* **How to complete this task**
The expected output is every entry, copied exactly.

Entries taken from a collection:
▬▬▬▬▬▬▬▬▬▬

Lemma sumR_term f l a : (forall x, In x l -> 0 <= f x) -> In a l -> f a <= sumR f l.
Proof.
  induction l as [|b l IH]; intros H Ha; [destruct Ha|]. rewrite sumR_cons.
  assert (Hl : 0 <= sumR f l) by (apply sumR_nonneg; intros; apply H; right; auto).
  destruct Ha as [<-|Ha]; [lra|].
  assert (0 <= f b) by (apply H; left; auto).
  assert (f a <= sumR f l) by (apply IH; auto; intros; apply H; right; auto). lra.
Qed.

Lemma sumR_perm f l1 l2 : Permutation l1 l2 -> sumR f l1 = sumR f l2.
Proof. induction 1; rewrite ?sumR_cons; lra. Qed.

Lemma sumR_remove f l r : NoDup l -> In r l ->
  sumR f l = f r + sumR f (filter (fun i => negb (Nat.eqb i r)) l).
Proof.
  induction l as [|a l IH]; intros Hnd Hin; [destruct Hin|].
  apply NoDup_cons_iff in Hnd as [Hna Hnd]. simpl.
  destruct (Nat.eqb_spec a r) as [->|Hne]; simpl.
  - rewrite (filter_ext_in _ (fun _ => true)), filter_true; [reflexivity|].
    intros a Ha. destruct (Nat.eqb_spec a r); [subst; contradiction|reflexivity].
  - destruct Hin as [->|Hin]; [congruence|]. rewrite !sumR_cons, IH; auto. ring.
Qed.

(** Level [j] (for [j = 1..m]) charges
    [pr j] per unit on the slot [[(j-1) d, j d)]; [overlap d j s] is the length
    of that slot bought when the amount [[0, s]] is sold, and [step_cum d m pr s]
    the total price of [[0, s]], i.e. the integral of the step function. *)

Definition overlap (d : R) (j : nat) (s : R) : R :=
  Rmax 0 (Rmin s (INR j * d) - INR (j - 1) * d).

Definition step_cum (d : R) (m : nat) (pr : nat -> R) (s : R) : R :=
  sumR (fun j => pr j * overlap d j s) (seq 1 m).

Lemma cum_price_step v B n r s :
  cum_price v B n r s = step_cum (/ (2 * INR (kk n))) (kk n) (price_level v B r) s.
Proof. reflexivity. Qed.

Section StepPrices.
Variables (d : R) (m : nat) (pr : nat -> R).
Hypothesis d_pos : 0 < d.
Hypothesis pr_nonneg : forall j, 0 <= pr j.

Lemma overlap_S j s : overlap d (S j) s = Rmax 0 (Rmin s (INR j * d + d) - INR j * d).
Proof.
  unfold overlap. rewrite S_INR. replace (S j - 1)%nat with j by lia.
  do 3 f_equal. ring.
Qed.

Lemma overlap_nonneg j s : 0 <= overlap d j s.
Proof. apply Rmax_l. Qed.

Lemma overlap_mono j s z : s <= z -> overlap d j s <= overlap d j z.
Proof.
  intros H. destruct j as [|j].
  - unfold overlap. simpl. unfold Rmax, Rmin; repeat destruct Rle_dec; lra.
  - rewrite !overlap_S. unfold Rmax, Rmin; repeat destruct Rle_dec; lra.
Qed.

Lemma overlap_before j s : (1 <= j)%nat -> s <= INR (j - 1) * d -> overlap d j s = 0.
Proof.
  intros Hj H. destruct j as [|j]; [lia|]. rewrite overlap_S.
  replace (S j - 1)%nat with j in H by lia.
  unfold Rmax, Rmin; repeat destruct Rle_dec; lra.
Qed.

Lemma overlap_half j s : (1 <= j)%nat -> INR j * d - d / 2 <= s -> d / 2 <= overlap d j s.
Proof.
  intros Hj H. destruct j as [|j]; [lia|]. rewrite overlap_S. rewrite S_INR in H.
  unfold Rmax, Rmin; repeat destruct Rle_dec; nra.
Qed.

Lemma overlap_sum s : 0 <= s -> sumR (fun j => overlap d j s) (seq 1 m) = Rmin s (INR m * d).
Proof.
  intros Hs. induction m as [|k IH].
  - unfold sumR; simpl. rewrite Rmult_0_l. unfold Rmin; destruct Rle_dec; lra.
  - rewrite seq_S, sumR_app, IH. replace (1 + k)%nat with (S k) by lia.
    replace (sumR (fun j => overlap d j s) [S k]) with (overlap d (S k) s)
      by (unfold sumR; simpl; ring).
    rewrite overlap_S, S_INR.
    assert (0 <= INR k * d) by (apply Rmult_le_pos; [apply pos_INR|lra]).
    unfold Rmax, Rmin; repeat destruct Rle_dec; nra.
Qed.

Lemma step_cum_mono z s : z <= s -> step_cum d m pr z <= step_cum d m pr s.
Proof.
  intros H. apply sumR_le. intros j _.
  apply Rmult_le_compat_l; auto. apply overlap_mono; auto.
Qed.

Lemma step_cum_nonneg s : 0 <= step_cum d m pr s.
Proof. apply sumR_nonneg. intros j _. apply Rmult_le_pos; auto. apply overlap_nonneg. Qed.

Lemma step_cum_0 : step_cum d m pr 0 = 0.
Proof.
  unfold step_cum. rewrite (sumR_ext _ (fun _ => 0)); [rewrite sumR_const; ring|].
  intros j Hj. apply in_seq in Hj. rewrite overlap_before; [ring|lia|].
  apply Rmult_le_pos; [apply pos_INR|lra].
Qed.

▬▬▬▬▬▬▬▬▬▬

* **Completed task**
Lemma sumR_term f l a : (forall x, In x l -> 0 <= f x) -> In a l -> f a <= sumR f l.
Proof.
  induction l as [|b l IH]; intros H Ha; [destruct Ha|]. rewrite sumR_cons.
  assert (Hl : 0 <= sumR f l) by (apply sumR_nonneg; intros; apply H; right; auto).
  destruct Ha as [<-|Ha]; [lra|].
  assert (0 <= f b) by (apply H; left; auto).
  assert (f a <= sumR f l) by (apply IH; auto; intros; apply H; right; auto). lra.
Qed.

Lemma sumR_perm f l1 l2 : Permutation l1 l2 -> sumR f l1 = sumR f l2.
Proof. induction 1; rewrite ?sumR_cons; lra. Qed.

Lemma sumR_remove f l r : NoDup l -> In r l ->
  sumR f l = f r + sumR f (filter (fun i => negb (Nat.eqb i r)) l).
Proof.
  induction l as [|a l IH]; intros Hnd Hin; [destruct Hin|].
  apply NoDup_cons_iff in Hnd as [Hna Hnd]. simpl.
  destruct (Nat.eqb_spec a r) as [->|Hne]; simpl.
  - rewrite (filter_ext_in _ (fun _ => true)), filter_true; [reflexivity|].
    intros a Ha. destruct (Nat.eqb_spec a r); [subst; contradiction|reflexivity].
  - destruct Hin as [->|Hin]; [congruence|]. rewrite !sumR_cons, IH; auto. ring.
Qed.

(** Level [j] (for [j = 1..m]) charges
    [pr j] per unit on the slot [[(j-1) d, j d)]; [overlap d j s] is the length
    of that slot bought when the amount [[0, s]] is sold, and [step_cum d m pr s]
    the total price of [[0, s]], i.e. the integral of the step function. *)

Definition overlap (d : R) (j : nat) (s : R) : R :=
  Rmax 0 (Rmin s (INR j * d) - INR (j - 1) * d).

Definition step_cum (d : R) (m : nat) (pr : nat -> R) (s : R) : R :=
  sumR (fun j => pr j * overlap d j s) (seq 1 m).

Lemma cum_price_step v B n r s :
  cum_price v B n r s = step_cum (/ (2 * INR (kk n))) (kk n) (price_level v B r) s.
Proof. reflexivity. Qed.

Section StepPrices.
Variables (d : R) (m : nat) (pr : nat -> R).
Hypothesis d_pos : 0 < d.
Hypothesis pr_nonneg : forall j, 0 <= pr j.

Lemma overlap_S j s : overlap d (S j) s = Rmax 0 (Rmin s (INR j * d + d) - INR j * d).
Proof.
  unfold overlap. rewrite S_INR. replace (S j - 1)%nat with j by lia.
  do 3 f_equal. ring.
Qed.

Lemma overlap_nonneg j s : 0 <= overlap d j s.
Proof. apply Rmax_l. Qed.

Lemma overlap_mono j s z : s <= z -> overlap d j s <= overlap d j z.
Proof.
  intros H. destruct j as [|j].
  - unfold overlap. simpl. unfold Rmax, Rmin; repeat destruct Rle_dec; lra.
  - rewrite !overlap_S. unfold Rmax, Rmin; repeat destruct Rle_dec; lra.
Qed.

Lemma overlap_before j s : (1 <= j)%nat -> s <= INR (j - 1) * d -> overlap d j s = 0.
Proof.
  intros Hj H. destruct j as [|j]; [lia|]. rewrite overlap_S.
  replace (S j - 1)%nat with j in H by lia.
  unfold Rmax, Rmin; repeat destruct Rle_dec; lra.
Qed.

Lemma overlap_half j s : (1 <= j)%nat -> INR j * d - d / 2 <= s -> d / 2 <= overlap d j s.
Proof.
  intros Hj H. destruct j as [|j]; [lia|]. rewrite overlap_S. rewrite S_INR in H.
  unfold Rmax, Rmin; repeat destruct Rle_dec; nra.
Qed.

Lemma overlap_sum s : 0 <= s -> sumR (fun j => overlap d j s) (seq 1 m) = Rmin s (INR m * d).
Proof.
  intros Hs. induction m as [|k IH].
  - unfold sumR; simpl. rewrite Rmult_0_l. unfold Rmin; destruct Rle_dec; lra.
  - rewrite seq_S, sumR_app, IH. replace (1 + k)%nat with (S k) by lia.
    replace (sumR (fun j => overlap d j s) [S k]) with (overlap d (S k) s)
      by (unfold sumR; simpl; ring).
    rewrite overlap_S, S_INR.
    assert (0 <= INR k * d) by (apply Rmult_le_pos; [apply pos_INR|lra]).
    unfold Rmax, Rmin; repeat destruct Rle_dec; nra.
Qed.

Lemma step_cum_mono z s : z <= s -> step_cum d m pr z <= step_cum d m pr s.
Proof.
  intros H. apply sumR_le. intros j _.
  apply Rmult_le_compat_l; auto. apply overlap_mono; auto.
Qed.

Lemma step_cum_nonneg s : 0 <= step_cum d m pr s.
Proof. apply sumR_nonneg. intros j _. apply Rmult_le_pos; auto. apply overlap_nonneg. Qed.

Lemma step_cum_0 : step_cum d m pr 0 = 0.
Proof.
  unfold step_cum. rewrite (sumR_ext _ (fun _ => 0)); [rewrite sumR_const; ring|].
  intros j Hj. apply in_seq in Hj. rewrite overlap_before; [ring|lia|].
  apply Rmult_le_pos; [apply pos_INR|lra].
Qed.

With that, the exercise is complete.